Повсюду слышались крики и беготня. Смердело гарью.
– Смити! – хлопнула я ладонью по двери. – Это мой дом горит?
– Нет. Сидите там. Мне пора.
Похоже, мой бондарь и был главарем мятежников.
– Смити, ты слишком добр, чтобы быть Куджо!
Элиза подергала бледно-желтые рукава своего платья. Муслин прилип к коже.
– Мама, я боюсь…
Я притянула эту девушку, жену, мать четверых детей и предпринимательницу, к себе в объятия.
– Смити – хороший человек. Мы должны в это верить. Все уладится. Осмотри подвал. Запомни, что тут есть.
– Будет столько же крови, как на Гренаде? – тихо взмолилась она, едва выдохнув слова. Во время того мятежа Элизе было восемь.
Шарлотта… Как справится моя девочка? Фуллартон снова уехал, оставив ее с детишками на Робб-стрит.
Отче наш, убереги их.
– Не бойся. Иной мятеж и длится всего-то несколько дней. Мы с Китти много их повидали на Монтсеррате.
Страшная резня в День святого Патрика на Монтсеррате обошлась единственным днем ужаса. Погибло много цветных. Сколько их умрет в Демераре, потому что болван Мюррей зажал народ в кулаке? Если король Георг IV, брат принца Уильяма, освободил рабов, губернатор не должен этому препятствовать.
– Давай-ка осмотримся, Элиза, поищем какой-нибудь топорик.
Она кивнула и принялась шарить по полкам, пока я ощупывала петли на двери.
– Я нашла веревку, мама. Несколько бочек и, похоже, косу.
Я забрала у нее косу. Острое лезвие покрывала ржавчина; я вспомнила, как Китти защищала мою крошку Лиззи.
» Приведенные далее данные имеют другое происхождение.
(* Let $f\in C([0,1])$ with $f>0$, $\lambda>0$, $H_\lambda=\{a\in C([0,1]):a>\lambda \text{ on }[0,1]\}$, and $F(a)(x)=\int_0^x \frac{\int_0^z f(s)ds}{a(z)}dz$. Let $W\subset C([0,1])$ be a finite-dimensional subspace, $K\subset W\cap H_\lambda$ compact and convex, and $(Q_N)_{N\in\mathbb{N}}$ a sequence of bounded finite-rank operators $Q_N:C([0,1])\to C([0,1])$ converging strongly to the identity. Then there exist $D\in\mathbb{N}$ and $C>0$ such that $\|a_1-a_2\|_\infty\le C\|Q_D(F(a_1))-Q_D(F(a_2))\|_\infty$ for all $a_1,a_2\in K$.
   Context: $C([0,1])$ carries the supremum norm $\|\cdot\|_\infty$. *)

From Stdlib Require Import Reals Lra List.
From Coquelicot Require Import Coquelicot.
Open Scope R_scope.

Definition I01 := {x : R | 0 <= x <= 1}.

Lemma clamp_in (x : R) : 0 <= Rmax 0 (Rmin x 1) <= 1.
Proof. unfold Rmax, Rmin; repeat destruct Rle_dec; lra. Qed.

Definition clamp (x : R) : I01 := exist _ (Rmax 0 (Rmin x 1)) (clamp_in x).

(* Extension of a function on [0,1] to R (constant outside); only used to
   feed Coquelicot's RInt with integrands whose values on [0,1] matter. *)
Definition ext (g : I01 -> R) : R -> R := fun x => g (clamp x).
Затем представила, как Джозефи, опираясь на нее, смотрит на расчищенные поля.
– Покажи-ка бочки.
Дочь подвела меня к трем бочонкам. Я постучала по ним и услышала глухой звук. Они были полны.
– Можно бы даже выпить, но шампанское следует правильно разлить по бутылкам, чтобы сохранить пузырьки. Иначе, как только мы его откроем, нам придется опустошить бочку. Хм-м… А разве это так уж плохо?
– Смеешься, мама?.. Я не хочу умирать.
– Этому не бывать. – Я забарабанила косой в дверь. – Смити!
Элиза схватила меня за плечо.
– Он сказал, нас не тронут. Смити вернется. Может, лучше посидеть тут тихонько…
– Нет! – Не собиралась я никого ждать, особенно мужчину и мятежника к тому же. – Скажи всем перестать! Скажи им, миссис Долли разберется, чем тут помочь.
Раздались крики «Да здравствует король Георг». На плантации Кенсингтон работали больше восьми десятков мужчин и женщин. Я не хотела, чтобы Мюррей им навредил. Во всем виноват губернатор.
Снова послышалась беготня и крики.
Я стучала по большой дубовой двери, пока не ободрала ладони до крови.
Элиза взяла мою руку и обернула платком.
– Гилберт нас заберет. Он их утихомирит.